Hmm..... das ist jetzt so eine Meta Frage, auf die ich nur schwer antworten kann, weil es sehr stark von dem Anbieter des Webspace abhängt. Da der Anbieter des Webspace auch Geld mit dem Domains macht (ich zahle im Einkauf für eine .de Domain pro Jahr "nur" 3,50. Jetzt kannst du den Preis mal mit anderen Anbietern vergleichen und wirst sehen, dass die Preise deutlich drüber liegen. Deshalb glaube ich nicht, dass ein Webhoster sich die Mühe macht, die Domain in die Config einzutragen.

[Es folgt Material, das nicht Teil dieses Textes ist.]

(* Assume the Standing Setting below. Let $n\in\mathbb Z$ and let $\zeta_1,\dots,\zeta_{m_n}$ be a finite frame for $\mathcal A_n$ with $\sum_{j=1}^{m_n}\phi(\zeta_j)\delta(\zeta_j^* )=0$. Then the associated Grassmann connection satisfies, for all $x\in\mathcal A_n$ and $\xi\in H_0$, $$\sum_{j=1}^{m_n}\phi(\zeta_j)\,\delta_0(\zeta_j^*x)\,\xi=\mu^{-n}\delta(x)\xi .$$
   Context: Standing Setting: $A$ is a unital $C^*$-algebra with a strongly continuous action $\sigma$ of $S^1$; $A_n:=\{a:\sigma_\lambda(a)=\lambda^na\ \forall\lambda\}$, $P_0(a):=\frac1{2\pi}\int_0^{2\pi}\sigma_{e^{it}}(a)dt$. $\mathcal A\subseteq A$ is a norm-dense unital $*$-subalgebra with $P_0(\mathcal A)\subseteq\mathcal A$, generated as a $*$-algebra by $\mathcal A\cap A_1$; $\mathcal A_n:=\mathcal A\cap A_n$. $H_0$ is a separable Hilbert space, $\rho:A_0\to\mathcal B(H_0)$ an injective unital $*$-homomorphism, $D_0$ a selfadjoint operator on $H_0$ such that for every $a\in\mathcal A_0$, $\rho(a)$ preserves $\operatorname{Dom}(D_0)$ and $[D_0,\rho(a)]$ extends to a bounded operator $\delta_0(a)$. $H$ is a separable Hilbert space containing $H_0$ as a closed subspace, $\phi:A\to\mathcal B(H)$ a unital $*$-homomorphism and $\delta:\mathcal A\to\mathcal B(H)$ linear with (1) $\delta(a)\xi=\delta_0(a)\xi$, $\phi(a)\xi=\rho(a)\xi$ for $a\in\mathcal A_0,\xi\in H_0$; (2) some $\mu>0$ with $\delta(ab)=\delta(a)\phi(b)+\mu^n\phi(a)\delta(b)$ for $a\in\mathcal A_n$, $b\in\mathcal A$; (3) $\zeta^R_1,\dots,\zeta^R_k,\zeta^L_1,\dots,\zeta^L_m\in\mathcal A_1$ with $\sum_j\zeta_j^R(\zeta_j^R)^*=1=\sum_j(\zeta_j^L)^*\zeta_j^L$ and $\sum_j\phi(\zeta^R_j)\delta((\zeta^R_j)^* )=0=\sum_j\phi(\zeta_j^L)^*\delta(\zeta_j^L)$. A finite frame for $\mathcal A_n$: $\zeta_1,\dots,\zeta_p\in\mathcal A_n$ with $\sum_j\zeta_j\zeta_j^*x=x$ for $x\in\mathcal A_n$. The Grassmann connection of the frame is $\nabla_{\mathrm{Gr}}(x)=\sum_j\zeta_j\otimes\delta_0(\zeta_j^*x)$; identifying $A_n\widehat\otimes_\rho H_0$ with a subspace of $H$ via $x\otimes\xi\mapsto\phi(x)\xi$, its evaluation at $\xi\in H_0$ is the vector $\sum_j\phi(\zeta_j)\delta_0(\zeta_j^*x)\xi$ displayed in the claim. *)

From mathcomp Require Import all_boot all_order all_algebra.
Set Implicit Arguments. Unset Strict Implicit. Unset Printing Implicit Defensive.
Import Order.TTheory GRing.Theory Num.Theory.
Local Open Scope ring_scope.

Section Defs.
Variable K : numClosedFieldType.   (* the complex scalars *)

Definition star_algebra (A : algType K) (st : A -> A) : Prop :=
  [/\ forall a, st (st a) = a,
      forall a b, st (a + b) = st a + st b,
      forall (c : K) a, st (c *: a) = c^* *: st a,
      forall a b, st (a * b) = st b * st a
    & st 1 = 1].

Definition circle_action (A : algType K) (st : A -> A) (sigma : K -> A -> A) : Prop :=
  [/\ forall l, `|l| = 1 ->
        [/\ forall a b, sigma l (a + b) = sigma l a + sigma l b,
            forall (c : K) a, sigma l (c *: a) = c *: sigma l a,
            forall a b, sigma l (a * b) = sigma l a * sigma l b,
            forall a, sigma l (st a) = st (sigma l a)
          & sigma l 1 = 1],
      forall l m, `|l| = 1 -> `|m| = 1 -> forall a, sigma (l * m) a = sigma l (sigma m a)
    & forall a, sigma 1 a = a].

Definition in_deg (A : algType K) (sigma : K -> A -> A) (n : int) (a : A) : Prop :=
  forall l : K, `|l| = 1 -> sigma l a = l ^ n *: a.

Definition star_subalgebra (A : algType K) (st : A -> A) (S : A -> Prop) : Prop :=
  [/\ S 1,
      forall a b, S a -> S b -> S (a + b),
      forall (c : K) a, S a -> S (c *: a),
      forall a b, S a -> S b -> S (a * b)
    & forall a, S a -> S (st a)].

Inductive star_gen (A : algType K) (st : A -> A) (S : A -> Prop) : A -> Prop :=
| sg_base a : S a -> star_gen st S a
| sg_one : star_gen st S 1
| sg_add a b : star_gen st S a -> star_gen st S b -> star_gen st S (a + b)
| sg_scale (c : K) a : star_gen st S a -> star_gen st S (c *: a)
| sg_mul a b : star_gen st S a -> star_gen st S b -> star_gen st S (a * b)
| sg_star a : star_gen st S a -> star_gen st S (st a).

(* inner product (linear in the first variable) *)
Definition inner_product (H : lmodType K) (ip : H -> H -> K) : Prop :=
  [/\ forall (c : K) x y z, ip (c *: x + y) z = c * ip x z + ip y z,
      forall x y, ip y x = (ip x y)^*,
      forall x, 0 <= ip x x
    & forall x, ip x x = 0 -> x = 0].

Definition subspace (H : lmodType K) (S : H -> Prop) : Prop :=
  S 0 /\ forall (c : K) x y, S x -> S y -> S (c *: x + y).

Definition lin_op (H : lmodType K) (f : H -> H) : Prop :=
  forall (c : K) x y, f (c *: x + y) = c *: f x + f y.

Definition lin_op_on (H : lmodType K) (S : H -> Prop) (f : H -> H) : Prop :=
  (forall x, S x -> S (f x)) /\
  forall (c : K) x y, S x -> S y -> f (c *: x + y) = c *: f x + f y.

Definition star_rep (A : algType K) (st : A -> A) (H : lmodType K)
  (ip : H -> H -> K) (phi : A -> H -> H) : Prop :=
  [/\ forall a, lin_op (phi a),
      forall x, phi 1 x = x,
      forall a b x, phi (a * b) x = phi a (phi b x),
      forall (c : K) a b x, phi (c *: a + b) x = c *: phi a x + phi b x
    & forall a x y, ip (phi a x) y = ip x (phi (st a) y)].

Record standing_setting (A : algType K) (st : A -> A) (sigma : K -> A -> A)
  (cA : A -> Prop) (H : lmodType K) (ip : H -> H -> K) (H0 : H -> Prop)
  (rho : A -> H -> H) (Dom : H -> Prop) (D0 : H -> H) (delta0 : A -> H -> H)
  (phi : A -> H -> H) (delta : A -> H -> H) (mu : K)
  (kR mL : nat) (zR : 'I_kR -> A) (zL : 'I_mL -> A) : Prop := {
  ss_star : star_algebra st;
  ss_action : circle_action st sigma;
  ss_subalg : star_subalgebra st cA;
  ss_generated : forall a, cA a <-> star_gen st (fun b => cA b /\ in_deg sigma 1 b) a;
  ss_ip : inner_product ip;
  ss_H0 : subspace H0;
  ss_rho_lin : forall a, in_deg sigma 0 a -> lin_op_on H0 (rho a);
  ss_rho_one : forall x, H0 x -> rho 1 x = x;
  ss_rho_add : forall (c : K) a b x, in_deg sigma 0 a -> in_deg sigma 0 b -> H0 x ->
      rho (c *: a + b) x = c *: rho a x + rho b x;
  ss_rho_mul : forall a b x, in_deg sigma 0 a -> in_deg sigma 0 b -> H0 x ->
      rho (a * b) x = rho a (rho b x);
  ss_rho_star : forall a x y, in_deg sigma 0 a -> H0 x -> H0 y ->
      ip (rho a x) y = ip x (rho (st a) y);
  ss_rho_inj : forall a b, in_deg sigma 0 a -> in_deg sigma 0 b ->
      (forall x, H0 x -> rho a x = rho b x) -> a = b;
  ss_Dom : subspace Dom /\ (forall x, Dom x -> H0 x);
  ss_D0_lin : forall (c : K) x y, Dom x -> Dom y ->
      D0 (c *: x + y) = c *: D0 x + D0 y;
  ss_D0_H0 : forall x, Dom x -> H0 (D0 x);
  ss_D0_sym : forall x y, Dom x -> Dom y -> ip (D0 x) y = ip x (D0 y);
  ss_D0_sa : forall y z, H0 y -> H0 z -> (forall x, Dom x -> ip (D0 x) y = ip x z) ->
      Dom y /\ D0 y = z;
  (* delta0(a) : bounded extension of [D0, rho(a)], a in cA_0 *)
  ss_rho_Dom : forall a x, cA a -> in_deg sigma 0 a -> Dom x -> Dom (rho a x);
  ss_delta0_lin : forall a, cA a -> in_deg sigma 0 a -> lin_op_on H0 (delta0 a);
  ss_delta0_comm : forall a x, cA a -> in_deg sigma 0 a -> Dom x ->
      delta0 a x = D0 (rho a x) - rho a (D0 x);
  ss_phi : star_rep st ip phi;
  ss_delta_op : forall a, cA a -> lin_op (delta a);
  ss_delta_lin : forall (c : K) a b x, cA a -> cA b ->
      delta (c *: a + b) x = c *: delta a x + delta b x;
  ss_1_delta : forall a x, cA a -> in_deg sigma 0 a -> H0 x -> delta a x = delta0 a x;
  ss_1_phi : forall a x, cA a -> in_deg sigma 0 a -> H0 x -> phi a x = rho a x;
  ss_mu : 0 < mu;
  ss_leibniz : forall (n : int) a b x, cA a -> in_deg sigma n a -> cA b ->
      delta (a * b) x = delta a (phi b x) + mu ^ n *: phi a (delta b x);
  ss_zR : forall j, cA (zR j) /\ in_deg sigma 1 (zR j);
  ss_zL : forall j, cA (zL j) /\ in_deg sigma 1 (zL j);
  ss_zR_sum : \sum_j zR j * st (zR j) = 1;
  ss_zL_sum : \sum_j st (zL j) * zL j = 1;
  ss_zR_delta : forall x, \sum_j phi (zR j) (delta (st (zR j)) x) = 0;
  ss_zL_delta : forall x, \sum_j phi (st (zL j)) (delta (zL j) x) = 0
}.

End Defs.

(** The frame projection [P = \sum_j zeta_j zeta_j^*] fixes [cA_n], and [cA_n]
    contains a family [w_i] with [\sum_i w_i w_i^* = 1] (products of the
    [zeta^R] if [n >= 0], of the [(zeta^L)^*] if [n < 0]), so
    [P = P \sum_i w_i w_i^* = 1].  As [zeta_j^* x] has degree 0, [delta0] and
    [delta] agree on it over [H0], and the twisted Leibniz rule in degree [-n]
    splits [\sum_j phi(zeta_j) delta(zeta_j^* x)] into
    [\sum_j phi(zeta_j) delta(zeta_j^* ) phi(x)], which vanishes by hypothesis,
    plus [mu^(-n) phi(P) delta(x) = mu^(-n) delta(x)]. *)

From HB Require Import structures.
From mathcomp Require Import all_boot all_order all_algebra.
Import Order.TTheory GRing.Theory Num.Theory.
Local Open Scope ring_scope.

Set Implicit Arguments.
Unset Strict Implicit.
Unset Printing Implicit Defensive.

Lemma linear_fun_sum (R : pzRingType) (U V : lmodType R) (f : U -> V) (I : Type)
    (r : seq I) (P : pred I) (F : I -> U) :
  linear f -> f (\sum_(i <- r | P i) F i) = \sum_(i <- r | P i) f (F i).
Proof.
move=> lin_f.
pose g : {linear U -> V} := HB.pack f (GRing.isLinear.Build _ _ _ _ f lin_f).
exact: (linear_sum g).
Qed.

Lemma eq1_of_fixed_partition_of_unity (R : pzRingType) (g : R -> R) (P : R)
    (s : seq R) :
  (forall w, w \in s -> P * w = w) -> \sum_(w <- s) w * g w = 1 -> P = 1.
Proof.
move=> Pw sum_s; rewrite -[P]mulr1 -sum_s big_distrr /=.
by apply: eq_big_seq => w /Pw Pw_w; rewrite mulrA Pw_w.
Qed.

Lemma unit_norm_neq0 (R : numDomainType) (l : R) : `|l| = 1 -> l != 0.
Proof. by move=> norm_l; rewrite -normr_eq0 norm_l oner_eq0. Qed.

Lemma conjC_unit_norm (K : numClosedFieldType) (l : K) : `|l| = 1 -> l^* = l^-1.
Proof. by move=> norm_l; rewrite invC_norm norm_l expr1n invr1 mul1r. Qed.

Section Grading.
Variables (K : numClosedFieldType) (A : algType K) (st : A -> A)
  (sigma : K -> A -> A).
Hypotheses (st_alg : star_algebra st) (act : circle_action st sigma).

Lemma in_deg1 : in_deg sigma 0 1.
Proof.
have [sigma_hom _ _] := act.
by move=> l /sigma_hom [_ _ _ _ sigma1]; rewrite sigma1 expr0z scale1r.
Qed.

Lemma in_degM (n m : int) (a b : A) :
  in_deg sigma n a -> in_deg sigma m b -> in_deg sigma (n + m) (a * b).
Proof.
have [sigma_hom _ _] := act.
move=> deg_a deg_b l norm_l; have [_ _ sigmaM _ _] := sigma_hom l norm_l.
rewrite sigmaM deg_a // deg_b // -scalerAl -scalerAr scalerA.
by rewrite expfzDr ?unit_norm_neq0.
Qed.

Lemma in_deg_star (n : int) (a : A) :
  in_deg sigma n a -> in_deg sigma (- n) (st a).
Proof.
have [_ _ stZ _ _] := st_alg; have [sigma_hom _ _] := act.
move=> deg_a l norm_l; have [_ _ _ sigma_st _] := sigma_hom l norm_l.
have l_unit : l \is a GRing.unit by rewrite unitfE unit_norm_neq0.
by rewrite sigma_st deg_a // stZ (rmorphXz _ _ l_unit) /= conjC_unit_norm ?exprz_inv.
Qed.

Variable cA : A -> Prop.
Hypothesis cA_subalg : star_subalgebra st cA.

Definition unital_frame (n : int) (s : seq A) : Prop :=
  (forall w, w \in s -> cA w /\ in_deg sigma n w) /\ \sum_(w <- s) w * st w = 1.

Lemma unital_frame1 : unital_frame 0 [:: 1].
Proof.
have [cA1 _ _ _ _] := cA_subalg; have [_ _ _ _ st1] := st_alg.
split; last by rewrite big_seq1 st1 mulr1.
by move=> w; rewrite inE => /eqP ->; split; [|exact: in_deg1].
Qed.

Lemma unital_frameM (n m : int) (s t : seq A) :
  unital_frame n s -> unital_frame m t ->
  unital_frame (n + m) [seq u * v | u <- s, v <- t].
Proof.
have [_ _ _ cAM _] := cA_subalg; have [_ _ _ stM _] := st_alg.
move=> [s_deg s_sum] [t_deg t_sum]; split.
  move=> w /allpairsP [[u v] /= [/s_deg [cA_u deg_u] /t_deg [cA_v deg_v] ->]].
  by split; [exact: cAM | exact: in_degM].
rewrite big_allpairs_dep -[RHS]s_sum; apply: eq_bigr => u _ /=.
under eq_bigr do rewrite stM mulrA -[u * _ * _]mulrA.
by rewrite -big_distrl -big_distrr /= t_sum mulr1.
Qed.

Lemma unital_frameX (n : int) (s : seq A) (k : nat) :
  unital_frame n s -> exists t, unital_frame (n * k%:Z) t.
Proof.
move=> frame_s; elim: k => [|k [t frame_t]].
  by exists [:: 1]; rewrite mulr0; exact: unital_frame1.
exists [seq u * v | u <- t, v <- s].
by rewrite intS mulrDr mulr1 addrC; exact: unital_frameM.
Qed.

End Grading.

Lemma exists_unital_frame (K : numClosedFieldType) (A : algType K) (st : A -> A)
  (sigma : K -> A -> A) (cA : A -> Prop) (H : lmodType K) (ip : H -> H -> K)
  (H0 : H -> Prop) (rho : A -> H -> H) (Dom : H -> Prop) (D0 : H -> H)
  (delta0 : A -> H -> H) (phi : A -> H -> H) (delta : A -> H -> H) (mu : K)
  (kR mL : nat) (zR : 'I_kR -> A) (zL : 'I_mL -> A) (n : int) :
  standing_setting st sigma cA ip H0 rho Dom D0 delta0 phi delta mu zR zL ->
  exists s, unital_frame st sigma cA n s.
Proof.
move=> S; have st_alg := ss_star S; have act := ss_action S.
have cA_subalg := ss_subalg S; have [stK _ _ _ _] := st_alg.
have [_ _ _ _ cA_st] := cA_subalg.
have frameR : unital_frame st sigma cA 1 (map zR (enum 'I_kR)).
  split; last by rewrite big_map big_enum -(ss_zR_sum S); apply: eq_bigl.
  by move=> _ /mapP [j _ ->]; exact: (ss_zR S).
have frameL : unital_frame st sigma cA (-1) (map (st \o zL) (enum 'I_mL)).
  split=> [_ /mapP [j _ ->] | ].
    by have [cA_j deg_j] := ss_zL S j; split; [exact: cA_st | exact: in_deg_star].
  rewrite big_map big_enum -(ss_zL_sum S) /=.
  by apply: eq_big => // j _; rewrite stK.
case: n => k.
  by have [t] := unital_frameX st_alg act cA_subalg k frameR; rewrite mul1r; exists t.
have [t] := unital_frameX st_alg act cA_subalg k.+1 frameL.
by rewrite NegzE mulN1r; exists t.
Qed.

Theorem proposition7p7 (K : numClosedFieldType) (A : algType K) (st : A -> A)
  (sigma : K -> A -> A) (cA : A -> Prop) (H : lmodType K) (ip : H -> H -> K)
  (H0 : H -> Prop) (rho : A -> H -> H) (Dom : H -> Prop) (D0 : H -> H)
  (delta0 : A -> H -> H) (phi : A -> H -> H) (delta : A -> H -> H) (mu : K)
  (kR mL : nat) (zR : 'I_kR -> A) (zL : 'I_mL -> A)
  (n : int) (m : nat) (zeta : 'I_m -> A) :
  standing_setting st sigma cA ip H0 rho Dom D0 delta0 phi delta mu zR zL ->
  (* finite frame for cA_n *)
  (forall j, cA (zeta j) /\ in_deg sigma n (zeta j)) ->
  (forall x, cA x -> in_deg sigma n x -> \sum_j zeta j * st (zeta j) * x = x) ->
  (forall xi, \sum_j phi (zeta j) (delta (st (zeta j)) xi) = 0) ->
  forall x xi, cA x -> in_deg sigma n x -> H0 xi ->
    \sum_j phi (zeta j) (delta0 (st (zeta j) * x) xi) = mu ^ (- n) *: delta x xi.
Proof.
move=> S zeta_deg zeta_frame zeta_delta x xi cA_x deg_x H0_xi.
have [_ _ _ cAM cA_st] := ss_subalg S.
have [phi_lin phi1 phiM phi_linear _] := ss_phi S.
have frame_proj1 : \sum_j zeta j * st (zeta j) = 1.
  have [s [s_deg s_sum]] := exists_unital_frame n S.
  apply: eq1_of_fixed_partition_of_unity s_sum => w /s_deg [cA_w deg_w].
  by rewrite mulr_suml zeta_frame.
have leibniz j : phi (zeta j) (delta0 (st (zeta j) * x) xi) =
    phi (zeta j) (delta (st (zeta j)) (phi x xi))
    + mu ^ (- n) *: phi (zeta j * st (zeta j)) (delta x xi).
  have [cA_j deg_j] := zeta_deg j.
  have deg_st := in_deg_star (ss_star S) (ss_action S) deg_j.
  have deg0 : in_deg sigma 0 (st (zeta j) * x).
    by rewrite -(addNr n); exact: (in_degM (ss_action S)).
  rewrite -(ss_1_delta S (cAM _ _ (cA_st _ cA_j) cA_x) deg0 H0_xi).
  by rewrite (ss_leibniz S _ (cA_st _ cA_j) deg_st cA_x) addrC phi_lin addrC phiM.
rewrite (eq_bigr _ (fun j _ => leibniz j)) big_split /= zeta_delta add0r.
have phi_linear_at v : linear (phi ^~ v) by move=> c a b; exact: phi_linear.
by rewrite -scaler_sumr -(linear_fun_sum _ _ _ (phi_linear_at _)) frame_proj1 phi1.
Qed.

Rein Technisch gesehen ist es aber was ganz anderes. Denn du brauchst eine Domain garnicht erst zu registrieren, damit *du* darauf zugreifen kannst. Ich weiß nicht, in wie weit du dich mit Netzwerken und DNS auskennst, ich will es hier an dieser Stelle auch nicht erklären, aber was die Denic z.B. macht, ist dass die einen Master DNS Server bereitstellen. Und in diesem Master DNS Server wird deine Domain dann eingetragen mit dem Verweis auf einen anderen DNS Server, der dann letztendlich die IP Adresse zu deiner Domain bereitstellt. 

Auch der Begriff "Anbieter" ist hier etwas mehrdeutig. Domains werden bei einer NIC registriert. Für .de Domains ist es z.B. die Denic, egal über welchen "Anbieter" man die Domain registriert hat. Demnach ist es technisch auch kein Problem, dass Domains bei einem anderen Anbieter liegen, als der Webspace.


----------